Carl Weinschenk spoke with Jon Brody, vice president of marketing, TriCipher.

Weinschenk: What is the security and compliance situation as applications move into the cloud?
Brody: For the large enterprise, issues of security and compliance are pretty constant, whether the application is accessed inside the firewall or outside the firewall as in software-as-a-service. The requirements are invariant. The auditors don’t care how you do it, as long as X, Y and Z get done. The investment to date has largely been for apps inside the firewall. The challenge is how to achieve results that auditors, partners and clients expect. There have been tremendous investments inside the firewall. [The challenge is that] applications may not be protected when the assets are outside the firewall.

Weinschenk: What is the current dynamic?
Brody: I think enterprises are being challenged now as their business units begin to aggressively adopt SaaS applications. They need to extend controls built over a long time to SaaS apps outside their control. Can they tweak their policies, procedures and technologies for security and compliance? I think the answer is no, these existing systems can’t be tweaked. The first tweak is to try to force users who want to avail themselves of SaaS apps to come back through the enterprise network to pick up controls and policies and go out again. That would be the ideal way to reuse investments – to come into the network before going out. That may be the way a lot of enterprises react because of the immediate value, but it is not a long-term solution because it’s hard to prevent users from going directly to the app. I think, ultimately, you want to do what is most convenient for users in order to keep them productive.

Weinschenk: So SaaS has great value, but is risky.
Brody: SaaS gives you the ability to extend productivity of users in a way that is convenient to them. I want Salesforce, I can go right onto it -- but the identities I create on Salesforce may be inconsistent with the ID formulation specified by the enterprise. That is important because enterprises must track consistently to be compliant. If I’ve got three identities on three systems doing the business of my company, I have pretty much escaped control of IT. Extending existing controls that ask me to come inside before going outside is difficult to achieve. User IDs are key to compliance and tracking, and also key to bread-and-butter stuff like ensuring that employees use consistently strong passwords.

Weinschenk: Can’t existing federated identity and single sign-on approaches be used for these purposes?
Brody: Those systems are not widely deployed today. Enterprises have single sign-on and Web access management solutions and they are good for users who go to the enterprise network before going out on the Internet. They don’t do anything for users who are not [routed through] the network, but instead are [just] on the Internet. These people are not coming from the inside first, but going outside to outside. Increasingly, there are users -- perhaps younger users -- on the outside, perhaps at home or on the road. They are using the Internet and bypassing the corporate network to get to assets that are outside, such as Salesforce or Concur or WebEx. So enterprises don’t really have a way of controlling activities except admonition and education.

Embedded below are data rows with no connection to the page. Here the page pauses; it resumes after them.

Lemma expR_sub_sqr_le v :
  expR (v - v ^+ 2) <= 1 + v - v ^+ 2 / 2 + 10 * (v ^+ 2 * Num.min 1 `|v|).
Proof.
have t14 : v - v ^+ 2 <= 1/4 by have := sqr_ge0 (v - 1/2); nra.
have [v1|v1] := leP `|v| 1; last first.
  apply: le_trans (expR_le_quarter t14) _.
  by have [v0|v0] := leP 0 v; [rewrite ger0_norm in v1 | rewrite ltr0_norm in v1]; nra.
have [t0|t0] := leP (v - v ^+ 2) 0.
  apply: le_trans (expR_le_taylor2 t0) _.
  have [v0|v0] := leP 0 v.
    rewrite ger0_norm // in v1 *.
    have : 0 <= v ^+ 3 * (1 - v) by rewrite mulr_ge0 ?exprn_ge0 ?subr_ge0.
    by rewrite !exprS expr0 !mulr1; nra.
  rewrite ltr0_norm // in v1 *.
  have : 0 <= - v * v ^+ 2 * (1 + v).
    by apply: mulr_ge0; [apply: mulr_ge0 (sqr_ge0 v) | ]; lra.
  by rewrite !expr2; nra.
have v0 : 0 <= v by nra.
apply: le_trans (expR_le_taylor3 (ltW t0) t14) _.
rewrite ger0_norm // in v1 *.
have : (v - v ^+ 2) ^+ 3 <= v ^+ 3 by rewrite lerXn2r ?nnegrE ?(ltW t0) //; nra.
have : 0 <= v * v * v * (1 - v) by rewrite !mulr_ge0 ?subr_ge0.
by rewrite !exprS !expr0 !mulr1; nra.
Qed.

End Exponential.

Section Truncation.
Variable R : realType.

Lemma normr_subr_sqr_le (a b : R) : `|a ^+ 2 - b ^+ 2| <= (`|a| + `|b|) * `|a - b|.
Proof. by rewrite subr_sqr normrM mulrC ler_wpM2r ?ler_normD. Qed.

Lemma normr_min1_sub_le (u v : R) : `|Num.min 1 u - Num.min 1 v| <= `|u - v|.
Proof.
case: (leP u 1); case: (leP v 1) => hv hu //; last by rewrite subrr normr0.
- by rewrite !ler0_norm; lra.
- by rewrite !ger0_norm; lra.
Qed.
Lemma size_le_max_size t k N : (k < N)%N -> (size (t k) <= max_size t N)%N.
Proof.
by move=> ltkN; have := @leq_bigmax _ (fun i : 'I_N => size (t i)) (Ordinal ltkN).
Qed.

Lemma max_size_succ t N : (max_size t N <= max_size t N.+1)%N.
Proof. by rewrite /max_size big_ord_recr /= leq_maxl. Qed.

Lemma determined_by_cyls t N :
  determined_by (max_size t N) (\bigcup_(k < N) cyl (t k)).
Proof.
move=> x y xy [k ltkN xk]; exists k => // i lti; rewrite -xy ?xk //.
exact: leq_trans lti (size_le_max_size _ ltkN).
Qed.

Section finite_expectation.
Variable R : numDomainType.
Implicit Types (s : nat -> R) (f g : seq bool -> R).

Fixpoint fexpect s L f : R :=
  if L is L'.+1 then
    s 0%N * fexpect (stail s) L' (fun u => f (true :: u)) +
    (1 - s 0%N) * fexpect (stail s) L' (fun u => f (false :: u))
  else f [::].

Lemma eq_fexpect s L f g : (forall u, size u = L -> f u = g u) ->
  fexpect s L f = fexpect s L g.
Proof.
elim: L s f g => [|L IH] s f g fg /=; first exact: fg.
by congr (_ * _ + _ * _); apply: IH => u su; apply: fg; rewrite /= su.
Qed.

Lemma fexpect_cst s L c : fexpect s L (fun _ => c) = c.
Proof. by elim: L s => [|L IH] s //=; rewrite !IH; ring. Qed.

Lemma fexpectD s L f g :
  fexpect s L (fun u => f u + g u) = fexpect s L f + fexpect s L g.
Proof. by elim: L s f g => [|L IH] s f g //=; rewrite !IH; ring. Qed.

Lemma fexpectZ s L c f :
  fexpect s L (fun u => c * f u) = c * fexpect s L f.
Proof. by elim: L s f => [|L IH] s f //=; rewrite !IH; ring. Qed.

Lemma fexpectB s L f g :
  fexpect s L (fun u => f u - g u) = fexpect s L f - fexpect s L g.
Proof.
rewrite -mulN1r -fexpectZ -fexpectD.
by apply: eq_fexpect => u _; rewrite mulN1r.
Qed.

Lemma fexpect_sum s L M (F : nat -> seq bool -> R) :
  fexpect s L (fun u => \sum_(k < M) F k u) = \sum_(k < M) fexpect s L (F k).
Proof.
elim: M => [|M IH].
  rewrite big_ord0 -[RHS](fexpect_cst s L).
  by apply: eq_fexpect => u _; rewrite big_ord0.
rewrite big_ord_recr /= -IH -fexpectD.
by apply: eq_fexpect => u _; rewrite big_ord_recr.
Qed.

Lemma ler_fexpect s L f g : prob_seq s ->
  (forall u, size u = L -> f u <= g u) -> fexpect s L f <= fexpect s L g.
Proof.
elim: L s f g => [|L IH] s f g hs fg /=; first exact: fg.
have /andP[s0 s1] := hs 0%N.
by rewrite lerD // ler_wpM2l ?subr_ge0 //; apply: IH (prob_seq_stail hs) _ => u su;
  apply: fg; rewrite /= su.
Qed.
(* For any $\mathfrak{Q}$-distributors $\phi,\psi$ from $X$ to $Y$ between $\mathfrak{Q}$-preordered $\mathfrak{Q}$-subsets, $$\phi=\psi\iff\phi_{\uparrow}=\psi_{\uparrow}\iff\phi^{\downarrow}=\psi^{\downarrow}\iff\phi^{*}=\psi^{*}\iff\phi^{\dagger}=\psi^{\dagger}.$$
   Context: $(\mathfrak{Q},\&,e)$ is a non-trivial unital quantale (complete lattice with associative multiplication with unit $e$ preserving joins in each variable, $\bot<e$), implications $p\& q\le r\iff p\le r/ q\iff q\le p\backslash r$, $\mathcal{D}\mathfrak{Q}(p,q)=\{u\mid (u/ p)\& p=u=q\&(q\backslash u)\}$. A $\mathfrak{Q}$-subset is a set with $|\cdot|\colon X\to\mathfrak{Q}$; $\mathbf{1}_q$ is $\{*\}$ with $|*|=q$. A $\mathfrak{Q}$-relation from $X$ to $Y$ is a map $\phi\colon X\times Y\to\mathfrak{Q}$ with $\phi(x,y)\in\mathcal{D}\mathfrak{Q}(|x|,|y|)$, ordered pointwise; composition $(\psi\circ\phi)(x,z)=\bigvee_y(\psi(y,z)/|y|)\&\phi(x,y)$; $\xi\swarrow\phi$ is the largest $\psi'$ with $\psi'\circ\phi\le\xi$ and $\psi\searrow\xi$ the largest $\phi'$ with $\psi\circ\phi'\le\xi$. A $\mathfrak{Q}$-preordered $\mathfrak{Q}$-subset is a $\mathfrak{Q}$-subset $X$ with a $\mathfrak{Q}$-relation $1_X^{\natural}$ on $X$ with $\mathrm{id}_X\le 1_X^{\natural}$ ($\mathrm{id}_X(x,x)=|x|$, else $\bot$) and $1_X^{\natural}\circ 1_X^{\natural}\le 1_X^{\natural}$. A $\mathfrak{Q}$-distributor from $X$ to $Y$ is a $\mathfrak{Q}$-relation $\phi$ with $1_Y^{\natural}\circ\phi\circ 1_X^{\natural}\le\phi$. $\mathsf{P}X$ is the set of $\mathfrak{Q}$-relations $\mu$ from $X$ to some $\mathbf{1}_q$ with $\mu\circ 1_X^{\natural}\le\mu$; $\mathsf{P}^{\dagger}X$ is the set of $\mathfrak{Q}$-relations $\lambda$ from some $\mathbf{1}_q$ to $X$ with $1_X^{\natural}\circ\lambda\le\lambda$. For a $\mathfrak{Q}$-distributor $\phi$ from $X$ to $Y$: $\phi_{\uparrow}\colon\mathsf{P}X\to\mathsf{P}^{\dagger}Y$, $\mu\mapsto\phi\swarrow\mu$; $\phi^{\downarrow}\colon\mathsf{P}^{\dagger}Y\to\mathsf{P}X$, $\lambda'\mapsto\lambda'\searrow\phi$; $\phi^{*}\colon\mathsf{P}Y\to\mathsf{P}X$, $\mu'\mapsto\mu'\circ\phi$; $\phi^{\dagger}\colon\mathsf{P}^{\dagger}X\to\mathsf{P}^{\dagger}Y$, $\lambda\mapsto\phi\circ\lambda$. *)

Set Implicit Arguments.
Unset Strict Implicit.

Record Quantale := {
  qcar :> Type;
  qle : qcar -> qcar -> Prop;
  qsup : (qcar -> Prop) -> qcar;
  qmul : qcar -> qcar -> qcar;
  qe : qcar;
  qle_refl : forall a, qle a a;
  qle_trans : forall a b c, qle a b -> qle b c -> qle a c;
  qle_antisym : forall a b, qle a b -> qle b a -> a = b;
  qsup_ub : forall (S : qcar -> Prop) a, S a -> qle a (qsup S);
  qsup_least : forall (S : qcar -> Prop) b,
      (forall a, S a -> qle a b) -> qle (qsup S) b;
  qmul_assoc : forall a b c, qmul a (qmul b c) = qmul (qmul a b) c;
  qmul_e_l : forall a, qmul qe a = a;
  qmul_e_r : forall a, qmul a qe = a;
  qmul_sup_l : forall (S : qcar -> Prop) a,
      qmul (qsup S) a = qsup (fun v => exists b, S b /\ v = qmul b a);
  qmul_sup_r : forall (S : qcar -> Prop) a,
      qmul a (qsup S) = qsup (fun v => exists b, S b /\ v = qmul a b);
  qbot_lt_e : qsup (fun _ => False) <> qe
}.

Section Q.
Variable Q : Quantale.

Definition qbot : Q := qsup (fun _ => False).

Definition rdiv (r q : Q) : Q := qsup (fun p => qle (qmul p q) r).
Definition ldiv (p r : Q) : Q := qsup (fun q => qle (qmul p q) r).

Definition inDQ (p q u : Q) : Prop :=
  qmul (rdiv u p) p = u /\ u = qmul q (ldiv q u).

Record QSubset := { qs_car :> Type; qs_val : qs_car -> Q }.

Definition one (q : Q) : QSubset := {| qs_car := unit; qs_val := fun _ => q |}.

Definition QRelType (X Y : QSubset) := X -> Y -> Q.

Definition is_Qrel (X Y : QSubset) (phi : QRelType X Y) : Prop :=
  forall x y, inDQ (qs_val x) (qs_val y) (phi x y).

Definition rle (X Y : QSubset) (phi psi : QRelType X Y) : Prop :=
  forall x y, qle (phi x y) (psi x y).

Definition compose (X Y Z : QSubset) (psi : QRelType Y Z) (phi : QRelType X Y)
  : QRelType X Z :=
  fun x z => qsup (fun v => exists y : Y,
                      v = qmul (rdiv (psi y z) (qs_val y)) (phi x y)).

(* id_X(x,x) = |x|, id_X(x,x') = bottom otherwise *)
Definition idrel (X : QSubset) : QRelType X X :=
  fun x x' => qsup (fun v => x = x' /\ v = qs_val x).

(* xi ↙ phi : the largest Q-relation psi' (from Y to Z) with psi' o phi <= xi,
   for phi : X -> Y, xi : X -> Z; realised as the pointwise join of all such. *)
Definition lift_left (X Y Z : QSubset) (xi : QRelType X Z) (phi : QRelType X Y)
  : QRelType Y Z :=
  fun y z => qsup (fun v => exists psi' : QRelType Y Z,
      is_Qrel psi' /\ rle (compose psi' phi) xi /\ v = psi' y z).

(* psi ↘ xi : the largest Q-relation phi' (from X to Y) with psi o phi' <= xi,
   for psi : Y -> Z, xi : X -> Z. *)
Definition lift_right (X Y Z : QSubset) (psi : QRelType Y Z) (xi : QRelType X Z)
  : QRelType X Y :=
  fun x y => qsup (fun v => exists phi' : QRelType X Y,
      is_Qrel phi' /\ rle (compose psi phi') xi /\ v = phi' x y).

Record QPreSubset := {
  qp_sub :> QSubset;
  qp_hom : QRelType qp_sub qp_sub;
  qp_hom_rel : is_Qrel qp_hom;
  qp_refl : rle (@idrel qp_sub) qp_hom;
  qp_trans : rle (compose qp_hom qp_hom) qp_hom
}.
Arguments qp_hom : clear implicits.

Definition is_distributor (X Y : QPreSubset) (phi : QRelType X Y) : Prop :=
  is_Qrel phi /\ rle (compose (qp_hom Y) (compose phi (qp_hom X))) phi.

Definition inP (X : QPreSubset) (q : Q) (mu : QRelType X (one q)) : Prop :=
  is_Qrel mu /\ rle (compose mu (qp_hom X)) mu.

Definition inPd (X : QPreSubset) (q : Q) (lam : QRelType (one q) X) : Prop :=
  is_Qrel lam /\ rle (compose (qp_hom X) lam) lam.

Definition up_map (X Y : QPreSubset) (phi : QRelType X Y) (q : Q)
  (mu : QRelType X (one q)) : QRelType (one q) Y :=
  lift_left phi mu.

Definition down_map (X Y : QPreSubset) (phi : QRelType X Y) (q : Q)
  (lam : QRelType (one q) Y) : QRelType X (one q) :=
  lift_right lam phi.

Definition star_map (X Y : QPreSubset) (phi : QRelType X Y) (q : Q)
  (mu : QRelType Y (one q)) : QRelType X (one q) :=
  compose mu phi.

Definition dagger_map (X Y : QPreSubset) (phi : QRelType X Y) (q : Q)
  (lam : QRelType (one q) X) : QRelType (one q) Y :=
  compose phi lam.

End Q.

(* Each of the four maps determines the distributor from its values on
   representables.  For phi^* and phi^dagger this is the unit law
   1_Y o phi = phi = phi o 1_X of a distributor: phi^*(1_Y(-,y)) = phi(-,y) and
   phi^dagger(1_X(x,-)) = phi(x,-).  For phi_up and phi^down it is a Yoneda
   argument: phi(x,-) is the largest lambda with lambda o 1_X(-,x) <= phi, so
   phi_up(1_X(-,x)) = phi(x,-), and dually phi^down(1_Y(y,-)) = phi(-,y). *)
From Stdlib Require Import FunctionalExtensionality Setoid.

Section QuantaleFacts.
Context {Q : Quantale}.

Lemma qsup_pair_le (a b : Q) : qle a b -> qsup (fun v => v = a \/ v = b) = b.
Proof.
  intros Hab. apply qle_antisym.
  - apply qsup_least. intros v [-> | ->]; [exact Hab | apply qle_refl].
  - apply qsup_ub. right; reflexivity.
Qed.

Lemma qmul_mono_l (a b c : Q) : qle a b -> qle (qmul a c) (qmul b c).
Proof.
  intros Hab. rewrite <- (qsup_pair_le a b Hab), qmul_sup_l.
  apply qsup_ub. exists a. split; [left |]; reflexivity.
Qed.

Lemma qmul_mono_r (a b c : Q) : qle a b -> qle (qmul c a) (qmul c b).
Proof.
  intros Hab. rewrite <- (qsup_pair_le a b Hab), qmul_sup_r.
  apply qsup_ub. exists a. split; [left |]; reflexivity.
Qed.

Lemma rdiv_mul_le (r q : Q) : qle (qmul (rdiv r q) q) r.
Proof.
  unfold rdiv. rewrite qmul_sup_l. apply qsup_least.
  intros v [p [Hp ->]]. exact Hp.
Qed.

Lemma le_rdiv (p q r : Q) : qle (qmul p q) r -> qle p (rdiv r q).
Proof. intros Hpq. apply qsup_ub. exact Hpq. Qed.

Lemma rdiv_mono (r r' q : Q) : qle r r' -> qle (rdiv r q) (rdiv r' q).
Proof. intros Hr. apply le_rdiv. eapply qle_trans; [apply rdiv_mul_le | exact Hr]. Qed.

Lemma le_mul_rdiv_l (q a r : Q) : qle q a -> qle r (qmul (rdiv a q) r).
Proof.
  intros Hqa. rewrite <- (qmul_e_l r) at 1.
  apply qmul_mono_l, le_rdiv. rewrite qmul_e_l. exact Hqa.
Qed.

Lemma inDQ_le_mul_rdiv {p q u a : Q} :
  inDQ p q u -> qle p a -> qle u (qmul (rdiv u p) a).
Proof. intros [Hu _] Hpa. rewrite <- Hu at 1. apply qmul_mono_r, Hpa. Qed.

End QuantaleFacts.

Section QRelations.
Context {Q : Quantale}.

Lemma rel_ext {X Y : QSubset Q} (phi psi : QRelType X Y) :
  (forall x y, phi x y = psi x y) -> phi = psi.
Proof.
  intros H. apply functional_extensionality; intro x.
  apply functional_extensionality; intro y. apply H.
Qed.

Lemma compose_ub {X Y Z : QSubset Q} (psi : QRelType Y Z) (phi : QRelType X Y)
  (x : X) (y : Y) (z : Z) :
  qle (qmul (rdiv (psi y z) (qs_val y)) (phi x y)) (compose psi phi x z).
Proof. apply qsup_ub. exists y. reflexivity. Qed.

Lemma compose_mono {X Y Z : QSubset Q} (psi psi' : QRelType Y Z)
  (phi phi' : QRelType X Y) :
  rle psi psi' -> rle phi phi' -> rle (compose psi phi) (compose psi' phi').
Proof.
  intros Hpsi Hphi x z. apply qsup_least. intros v [y ->].
  eapply qle_trans; [| apply compose_ub].
  eapply qle_trans; [apply qmul_mono_l, rdiv_mono, Hpsi | apply qmul_mono_r, Hphi].
Qed.

Lemma compose_one {X Z : QSubset Q} (q : Q) (lam : QRelType (one q) Z)
  (mu : QRelType X (one q)) (x : X) (z : Z) :
  compose lam mu x z = qmul (rdiv (lam tt z) q) (mu x tt).
Proof.
  apply qle_antisym.
  - apply qsup_least. intros v [[] ->]. apply qle_refl.
  - apply (compose_ub lam mu x tt z).
Qed.

Lemma qp_hom_diag (X : QPreSubset Q) (x : X) : qle (qs_val x) (@qp_hom _ X x x).
Proof. eapply qle_trans; [| apply qp_refl]. apply qsup_ub. split; reflexivity. Qed.

Lemma le_compose_hom_l {X : QSubset Q} {Y : QPreSubset Q} (xi : QRelType X Y) :
  rle xi (compose (@qp_hom _ Y) xi).
Proof.
  intros x y. eapply qle_trans; [| apply (compose_ub _ _ x y)].
  apply le_mul_rdiv_l, qp_hom_diag.
Qed.

Lemma le_compose_hom_r {X : QPreSubset Q} {Y : QSubset Q} (xi : QRelType X Y) :
  is_Qrel xi -> rle xi (compose xi (@qp_hom _ X)).
Proof.
  intros Hxi x y. eapply qle_trans; [| apply (compose_ub _ _ x x)].
  apply (inDQ_le_mul_rdiv (Hxi x y)), qp_hom_diag.
Qed.

Lemma distributor_compose_hom_l {X Y : QPreSubset Q} {phi : QRelType X Y} :
  is_distributor phi -> compose (@qp_hom _ Y) phi = phi.
Proof.
  intros [Hphi Hdist]. apply rel_ext. intros x y.
  apply qle_antisym; [| apply le_compose_hom_l].
  eapply qle_trans; [| apply Hdist].
  apply compose_mono; [intros ? ?; apply qle_refl | apply le_compose_hom_r, Hphi].
Qed.

Lemma distributor_compose_hom_r {X Y : QPreSubset Q} {phi : QRelType X Y} :
  is_distributor phi -> compose phi (@qp_hom _ X) = phi.
Proof.
  intros [Hphi Hdist]. apply rel_ext. intros x y.
  apply qle_antisym; [| apply le_compose_hom_r, Hphi].
  eapply qle_trans; [apply le_compose_hom_l | apply Hdist].
Qed.

End QRelations.

Section Representables.
Context {Q : Quantale}.

Definition hom_to {X : QPreSubset Q} (x : X) : QRelType X (one (qs_val x)) :=
  fun x' _ => @qp_hom _ X x' x.

Definition hom_from {X : QPreSubset Q} (x : X) : QRelType (one (qs_val x)) X :=
  fun _ x' => @qp_hom _ X x x'.

Lemma hom_to_inP {X : QPreSubset Q} (x : X) : inP (hom_to x).
Proof. split; intros x' []; [apply qp_hom_rel | apply qp_trans]. Qed.

Lemma hom_from_inPd {X : QPreSubset Q} (x : X) : inPd (hom_from x).
Proof. split; intros [] x'; [apply qp_hom_rel | apply qp_trans]. Qed.

Context {X Y : QPreSubset Q} {phi : QRelType X Y}.
Hypothesis Hphi : is_distributor phi.

Lemma star_map_hom_to (x : X) (y : Y) : star_map phi (hom_to y) x tt = phi x y.
Proof. exact (f_equal (fun f => f x y) (distributor_compose_hom_l Hphi)). Qed.

Lemma dagger_map_hom_from (x : X) (y : Y) :
  dagger_map phi (hom_from x) tt y = phi x y.
Proof. exact (f_equal (fun f => f x y) (distributor_compose_hom_r Hphi)). Qed.

Lemma up_map_hom_to (x : X) (y : Y) : up_map phi (hom_to x) tt y = phi x y.
Proof.
  apply qle_antisym.
  - apply qsup_least. intros v [lam [Hlam [Hle ->]]].
    eapply qle_trans; [| apply (Hle x y)]. rewrite compose_one.
    apply (inDQ_le_mul_rdiv (Hlam tt y)), qp_hom_diag.
  - apply qsup_ub. exists (fun _ y' => phi x y'). split; [| split]; [| | reflexivity].
    + intros [] y'. apply (proj1 Hphi).
    + intros x' y'. rewrite compose_one.
      pose proof (compose_ub phi (@qp_hom _ X) x' x y') as Hub.
      rewrite (distributor_compose_hom_r Hphi) in Hub. exact Hub.
Qed.

Lemma down_map_hom_from (x : X) (y : Y) : down_map phi (hom_from y) x tt = phi x y.
Proof.
  apply qle_antisym.
  - apply qsup_least. intros v [mu [Hmu [Hle ->]]].
    eapply qle_trans; [| apply (Hle x y)]. rewrite compose_one.
    apply le_mul_rdiv_l, qp_hom_diag.
  - apply qsup_ub. exists (fun x' _ => phi x' y). split; [| split]; [| | reflexivity].
    + intros x' []. apply (proj1 Hphi).
    + intros x' y'. rewrite compose_one.
      pose proof (compose_ub (@qp_hom _ Y) phi x' y y') as Hub.
      rewrite (distributor_compose_hom_l Hphi) in Hub. exact Hub.
Qed.

End Representables.

Section Injectivity.
Context {Q : Quantale} {X Y : QPreSubset Q} {phi psi : QRelType X Y}.
Hypotheses (Hphi : is_distributor phi) (Hpsi : is_distributor psi).

Lemma up_map_inj_iff :
  (forall (q : Q) (mu : QRelType X (one q)), inP mu ->
     up_map phi mu = up_map psi mu) <-> phi = psi.
Proof.
  split; [| intros E; rewrite E; reflexivity].
  intros Hup. apply rel_ext. intros x y.
  rewrite <- (up_map_hom_to Hphi), <- (up_map_hom_to Hpsi).
  rewrite (Hup _ _ (hom_to_inP x)). reflexivity.
Qed.

Lemma down_map_inj_iff :
  (forall (q : Q) (lam : QRelType (one q) Y), inPd lam ->
     down_map phi lam = down_map psi lam) <-> phi = psi.
Proof.
  split; [| intros E; rewrite E; reflexivity].
  intros Hdown. apply rel_ext. intros x y.
  rewrite <- (down_map_hom_from Hphi), <- (down_map_hom_from Hpsi).
  rewrite (Hdown _ _ (hom_from_inPd y)). reflexivity.
Qed.

Lemma star_map_inj_iff :
  (forall (q : Q) (mu : QRelType Y (one q)), inP mu ->
     star_map phi mu = star_map psi mu) <-> phi = psi.
Proof.
  split; [| intros E; rewrite E; reflexivity].
  intros Hstar. apply rel_ext. intros x y.
  rewrite <- (star_map_hom_to Hphi), <- (star_map_hom_to Hpsi).
  rewrite (Hstar _ _ (hom_to_inP y)). reflexivity.
Qed.

Lemma dagger_map_inj_iff :
  (forall (q : Q) (lam : QRelType (one q) X), inPd lam ->
     dagger_map phi lam = dagger_map psi lam) <-> phi = psi.
Proof.
  split; [| intros E; rewrite E; reflexivity].
  intros Hdagger. apply rel_ext. intros x y.
  rewrite <- (dagger_map_hom_from Hphi), <- (dagger_map_hom_from Hpsi).
  rewrite (Hdagger _ _ (hom_from_inPd x)). reflexivity.
Qed.

End Injectivity.

Theorem proposition4p21 (Q : Quantale) (X Y : QPreSubset Q)
  (phi psi : QRelType X Y) :
  is_distributor phi -> is_distributor psi ->
  (phi = psi <->
     (forall (q : Q) (mu : QRelType X (one q)), inP mu ->
        up_map phi mu = up_map psi mu)) /\
  ((forall (q : Q) (mu : QRelType X (one q)), inP mu ->
        up_map phi mu = up_map psi mu) <->
     (forall (q : Q) (lam : QRelType (one q) Y), inPd lam ->
        down_map phi lam = down_map psi lam)) /\
  ((forall (q : Q) (lam : QRelType (one q) Y), inPd lam ->
        down_map phi lam = down_map psi lam) <->
     (forall (q : Q) (mu : QRelType Y (one q)), inP mu ->
        star_map phi mu = star_map psi mu)) /\
  ((forall (q : Q) (mu : QRelType Y (one q)), inP mu ->
        star_map phi mu = star_map psi mu) <->
     (forall (q : Q) (lam : QRelType (one q) X), inPd lam ->
        dagger_map phi lam = dagger_map psi lam)).
Proof.
  intros Hphi Hpsi.
  rewrite (up_map_inj_iff Hphi Hpsi), (down_map_inj_iff Hphi Hpsi),
    (star_map_inj_iff Hphi Hpsi), (dagger_map_inj_iff Hphi Hpsi).
  tauto.
Qed.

Weinschenk: You say that Salesforce works with companies to restrict access to applications if the person hasn’t been routed through the corporate network. Isn’t that the answer?
Brody: Not all SaaS vendors are that sophisticated. Secondly, there are a lot of ad hoc subscriptions to really groovy new SaaS services that don’t happen with IT awareness. As you move to an SMB market where there is no IT organization -- but still security and compliance requirements -- you are really in trouble.

Weinschenk: What is your company, and your sector, proposing?
Brody: We offer a SaaS service that provides managed or identity management in the cloud. This is one technological approach to providing the security and compliance controls that partners and customers expect.

Weinschenk: What must be accomplished in such a cloud-based service?
Brody: Providing a consistent identity that is strongly authenticated is a fundamental component of any security plan. This includes the need to know, to some degree of certainty, who is on. The second component has to do not so much with security but, for example, with your ability to federate those identities to partners. I can integrate more services for my customer if I can move authenticated identities back and forth between partners. Salesforce has a universe of application builders on the Salesforce platform and outside [developers] that all add value to the customer relation management platform Salesforce provides. This is a big benefit to Salesforce as well as the user. The guys at Salesforce are capable enough that they can develop security and compliance functions in their service. But most developers of Web properties are better served by spending time developing their applications and business processes and shouldn’t really be spending time figuring out strong authentication. They shouldn’t spend their time figuring out federation.

Weinschenk: So your company and others provide those functions to SaaS providers who are busy doing other things – such as developing their applications and platforms.
Brody: There are a number of providers that relieve the developer of the burden of some very technical but required capabilities and allow them to concentrate on their core business. We provide strong authentication, single sign-on and federation to the Web application. The benefits of the service are that there is no software, no hardware and you can use only as much as you need.